- Directed by: Nikolay Akimov Nadezhda Kosheverova
- Written by: Moses Magid Lev Sokolsky
- Produced by: Mikhail Gendenshteyn
- Starring: Valentin Lebedev Vladimir Petrov Galina Korotkevich
- Cinematography: Moses Magid Lev Sokolsky
- Music by: Dmitry Tolstoy
- Production company: Lenfilm Studio
- Release date: 1953;
- Running time: 105 minutes
- Country: Soviet Union
- Language: Russian

= Shadows (1953 film) =

Shadows (Тени) is a 1953 Soviet romantic drama film directed by Nikolay Akimov and Nadezhda Kosheverova and starring Valentin Lebedev, Vladimir Petrov and Galina Korotkevich.
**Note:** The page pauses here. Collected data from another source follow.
Lemma bndop_opsub T U : bndop T -> bndop U -> bndop (opsub T U).
Proof.
move=> [K hK] [K' hK']; exists (2 * Num.max K 0 + 2 * Num.max K' 0) => x; rewrite /opsub.
apply: le_trans (sqnB_le _ _) _.
have := hK x; have := hK' x; have := sqn_ge0 x; have : K <= Num.max K 0 by rewrite le_max lexx.
have : K' <= Num.max K' 0 by rewrite le_max lexx.
move: (Num.max K 0) (Num.max K' 0) => M M'; nra.
Qed.

Lemma S2E E : S2 ip E = Sval (opnorm ip E) (opnorm ip (compl E)) (opnorm ip (AAc E)) (opnorm ip (compl (AAc E))).
Proof. by []. Qed.

Lemma YqE E : Yq ip E = Yval (opnorm ip E) (opnorm ip (compl E)) (opnorm ip (AAc E)) (opnorm ip (compl (AAc E))).
Proof. by []. Qed.

Lemma XqE E : Xq ip E = Xval (opnorm ip E) (opnorm ip (compl E)).
Proof. by []. Qed.

Lemma S2_compl A : linop A -> S2 ip (compl A) = S2 ip A.
Proof.
move=> L.
have cc : compl (compl A) = A by apply: functional_extensionality => x; rewrite /compl subKr.
have om : opmul (compl A) A = opmul A (compl A).
  by apply: functional_extensionality => x; rewrite /opmul /compl (linopB _ _ L).
rewrite !S2E /AAc cc om.
have eX : Xval (opnorm ip (compl A)) (opnorm ip A) = Xval (opnorm ip A) (opnorm ip (compl A)).
  by rewrite /Xval; ring.
have eY : forall b w, Yval (opnorm ip (compl A)) (opnorm ip A) b w = Yval (opnorm ip A) (opnorm ip (compl A)) b w.
  by move=> b w; rewrite /Yval; ring.
by rewrite /Sval eX eY.
Qed.

(** * The sharpness measure *)

Section NonzeroSpace.
Hypothesis hne : exists x : H, x <> 0.

Section Spec.
Variable E : H -> H.
Hypothesis hE : effect ip E.

Let u := opnorm ip E.
Let v := opnorm ip (compl E).
Let b := opnorm ip (AAc E).
Let w := opnorm ip (compl (AAc E)).

Lemma approx_eig_opnorm : approx_eig E u.
Proof. exact: posop_approx_eig_opnorm (effect_posop hE) hne. Qed.

Lemma approx_eig_le_opnorm l : approx_eig E l -> 0 <= l <= u.
Proof. by move=> A; have := posop_approx_eig_range (effect_posop hE) A. Qed.

Lemma approx_eig_opnorm_compl : approx_eig E (1 - v).
Proof. by apply/(approx_eig_compl _ (effect_linop hE)); apply: posop_approx_eig_opnorm (compl_posop hE) hne. Qed.

Lemma approx_eig_ge_compl l : approx_eig E l -> 0 <= 1 - l <= v.
Proof.
move=> A; have : approx_eig (compl E) (1 - l) by apply/(approx_eig_compl _ (effect_linop hE)); rewrite subKr.
by move/(posop_approx_eig_range (compl_posop hE)).
Qed.

(* AA' - (r - r^2) = (1 - r - A)(A - r) *)
Lemma sqn_AAc_shift r y : sqn (AAc E y - rscale (r - r ^+ 2) y)
  = sqn (rscale (1 - r) (E y - rscale r y) - E (E y - rscale r y)).
Proof.
rewrite AAcE // (linopB _ _ (effect_linop hE)) (linop_rscale _ _ (effect_linop hE)).
dot_expand.
by rewrite (dotC (E y) y) (dotC (E (E y)) y) (dotC (E (E y)) (E y)); ring.
Qed.

Lemma approx_eig_AAc l : approx_eig E l -> approx_eig (AAc E) (l - l ^+ 2).
Proof.
move=> A e he.
have hu : 0 <= u := opnorm_ge0 (effect_linop hE) (effect_bndop hE).
set K := 2 * (1 - l) ^+ 2 + 2 * u ^+ 2 + 1.
have hK : 0 < K by rewrite /K; have := sqr_ge0 (1 - l); have := sqr_ge0 u; lra.
have [y [y1 hy]] := A (e / K) (divr_gt0 he hK).
exists y; split => //.
rewrite sqn_AAc_shift; set z := E y - rscale l y; apply: le_trans (sqnB_le _ _) _.
rewrite sqnZ.
have h1 := sqn_le_opnorm z (effect_linop hE) (effect_bndop hE); rewrite -/u in h1.
have hz := sqn_ge0 z.
have : sqn z * K <= e by rewrite -ler_pdivlMr.
rewrite /K; have := sqr_ge0 (1 - l); nra.
Qed.

(* With r and 1 - r the roots of t - t^2 = m: were neither an approximate
   eigenvalue of A, both factors of AA' - m = (1 - r - A)(A - r) would be
   bounded below, hence so would AA' - m. *)
Lemma approx_eig_AAcP m : approx_eig (AAc E) m -> exists l, approx_eig E l /\ m = l - l ^+ 2.
Proof.
move=> A.
have m0 : 0 <= m by case/andP: (posop_approx_eig_range (AAc_posop hE) A).
have m4 : m <= 1 / 4.
  apply: approx_eig_le A => y y1; rewrite AAc_form //.
  have := dot_CauchySchwarz (E y) y; rewrite y1 mulr1 -/(sqn (E y)); have := sqr_ge0 (dot (E y) y - 1 / 2); nra.
set s := Num.sqrt (1 - 4 * m).
have hs : s ^+ 2 = 1 - 4 * m by rewrite sqr_sqrtr //; lra.
set r2 := (1 + s) / 2.
have hm : m = r2 - r2 ^+ 2 by rewrite /r2; nra.
case: (classic (approx_eig E r2)) => [h2|n2]; first by exists r2.
case: (classic (approx_eig E (1 - r2))) => [h1|n1]; first by exists (1 - r2); split => //; rewrite hm; ring.
have [e1 [he1 b1]] := not_approx_eig_bounded_below (effect_linop hE) n1.
have [e2 [he2 b2]] := not_approx_eig_bounded_below (effect_linop hE) n2.
have [y [y1 hy]] := A (e1 * e2 / 2) (divr_gt0 (mulr_gt0 he1 he2) (ltr0Sn _ 1)).
set z := E y - rscale r2 y.
have eq : sqn (AAc E y - rscale m y) = sqn (E z - rscale (1 - r2) z).
  by rewrite hm sqn_AAc_shift -sqnN opprB.
have := b1 z; have := b2 y; rewrite y1 mulr1 -eq => h2 h1.
have hz := sqn_ge0 z.
have : e1 * e2 <= e1 * sqn z by apply: ler_wpM2l => //; exact: ltW.
nra.
Qed.

Lemma opnorm_AAc_attained : exists lb, approx_eig E lb /\ b = lb - lb ^+ 2.
Proof. exact: approx_eig_AAcP (posop_approx_eig_opnorm (AAc_posop hE) hne). Qed.

Lemma opnorm_AAc_ge l : approx_eig E l -> l - l ^+ 2 <= b.
Proof. by move=> A; case/andP: (posop_approx_eig_range (AAc_posop hE) (approx_eig_AAc A)). Qed.

Lemma opnorm_compl_AAc_attained : exists lw, approx_eig E lw /\ w = 1 - (lw - lw ^+ 2).
Proof.
have := posop_approx_eig_opnorm (compl_AAc_posop hE) hne.
move/(approx_eig_compl _ (linop_opmul (effect_linop hE) (linop_compl (effect_linop hE)))) => /approx_eig_AAcP [l [A e]].
by exists l; split => //; rewrite -e -/w; ring.
Qed.

Lemma opnorm_compl_AAc_ge l : approx_eig E l -> 1 - (l - l ^+ 2) <= w.
Proof.
move=> A; have := approx_eig_AAc A => B.
have : approx_eig (compl (AAc E)) (1 - (l - l ^+ 2)).
  by apply/(approx_eig_compl _ (linop_opmul (effect_linop hE) (linop_compl (effect_linop hE)))); rewrite subKr.
by move=> /(posop_approx_eig_range (compl_AAc_posop hE)) /andP[].
Qed.

End Spec.

Lemma effect_spectral_norms E : effect ip E ->
  spectral_norms (opnorm ip E) (opnorm ip (compl E)) (opnorm ip (AAc E)) (opnorm ip (compl (AAc E))).
Proof.
move=> hE.
have [lb [Ab eb]] := opnorm_AAc_attained hE.
have [lw [Aw ew]] := opnorm_compl_AAc_attained hE.
have /andP[hv0 hv] := approx_eig_le_opnorm hE (approx_eig_opnorm_compl hE).
have /andP[hu1 _] := approx_eig_ge_compl hE (approx_eig_opnorm hE).
have /andP[_ hb1] := approx_eig_le_opnorm hE Ab. have /andP[_ hb2] := approx_eig_ge_compl hE Ab.
have /andP[_ hw1] := approx_eig_le_opnorm hE Aw. have /andP[_ hw2] := approx_eig_ge_compl hE Aw.
exists lb, lw; split.
  split; try (apply/andP; split); lra.
split => //.
- exact (opnorm_AAc_ge hE (approx_eig_opnorm hE)).
- exact (opnorm_AAc_ge hE (approx_eig_opnorm_compl hE)).
- split; first exact (opnorm_compl_AAc_ge hE (approx_eig_opnorm hE)).
  exact (opnorm_compl_AAc_ge hE (approx_eig_opnorm_compl hE)).
Qed.

Lemma trivial_effect_opnormP E : effect ip E ->
  (opnorm ip E + opnorm ip (compl E) = 1 <-> trivial_effect E).
Proof.
move=> hE; have [/andP[u0 u1] _ _ _ _] := spectral_norms_bounds (effect_spectral_norms hE).
split => [huv|[l [hl hx]]].
  exists (opnorm ip E); split; first by rewrite u0 u1.
  move=> x; apply/eqP; rewrite -subr_eq0; apply/eqP; apply: sqn_eq0.
  apply/eqP; rewrite eq_le sqn_ge0 andbT.
  have := sqn_shift_le_of_form (c := opnorm ip E) (r := 0) (effect_linop hE) (effect_symop hE) (lexx 0) _ x.
  rewrite expr0n mul0r; apply => z.
  have h1 := posop_form_le (effect_posop hE) z; have h2 := posop_form_le (compl_posop hE) z.
  move: h2; rewrite /compl dotBl -/(sqn z) => h2.
  have h3 := sqn_ge0 z.
  rewrite mul0r normr_le0 subr_eq0; apply/eqP.
  have : opnorm ip (compl E) = 1 - opnorm ip E by lra.
  move=> ev; rewrite ev in h2; nra.
have e1 := approx_eig_scalar hx (approx_eig_opnorm hE).
have e2 := approx_eig_scalar hx (approx_eig_opnorm_compl hE).
lra.
Qed.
On the eponymous play by Saltykov-Shchedrin.

==Plot==
In the 1860s, from the province of St. Petersburg comes the liberal-minded young officer Bobyrev. He hopes under the protection of his schoolmate Klaverova, who became a general, to make a career. Gen. happily defines Bobyrev in his office, and already builds plans, both through the beautiful Sophia, wife Bobyrev will wage a successful struggle with opponents and influence voluptuous Minister Tarakanov.

==Cast==
- Valentin Lebedev as Pyotr Sergeich Klaverov
- Vladimir Petrov as Nikolay Dmitrich Bobyrev
- Galina Korotkevich as Sofya Aleksandrovna
- Vera Budreyko as Olga Dmitriyevna
- Yuri Bublikov as Pavel Nikolaich Naboykin
- Anatoli Abramov as Ivan Mikheich Svistikov
- Aleksandr Gyultsen as Young Tarakanov
- Ovsey Kagan as Savva Semyonych Obtyazhnov
- Dmitry Bessonov as Kamarzhintsev
- Evgeniy Gvozdev as Narukavnikov
- Vladimir Taskin as Tarakanov
- Aleksandr Estrin as Hairdresser
- Aleksey Rozanov as Courier
- Berta Vinogradova as Klara

== Bibliography ==
- Natalja Čemodanova & Alfred Krautz. International Directory of Cinematographers, Set-And Costume Designers in Film: Soviet Union. Saur, 1995.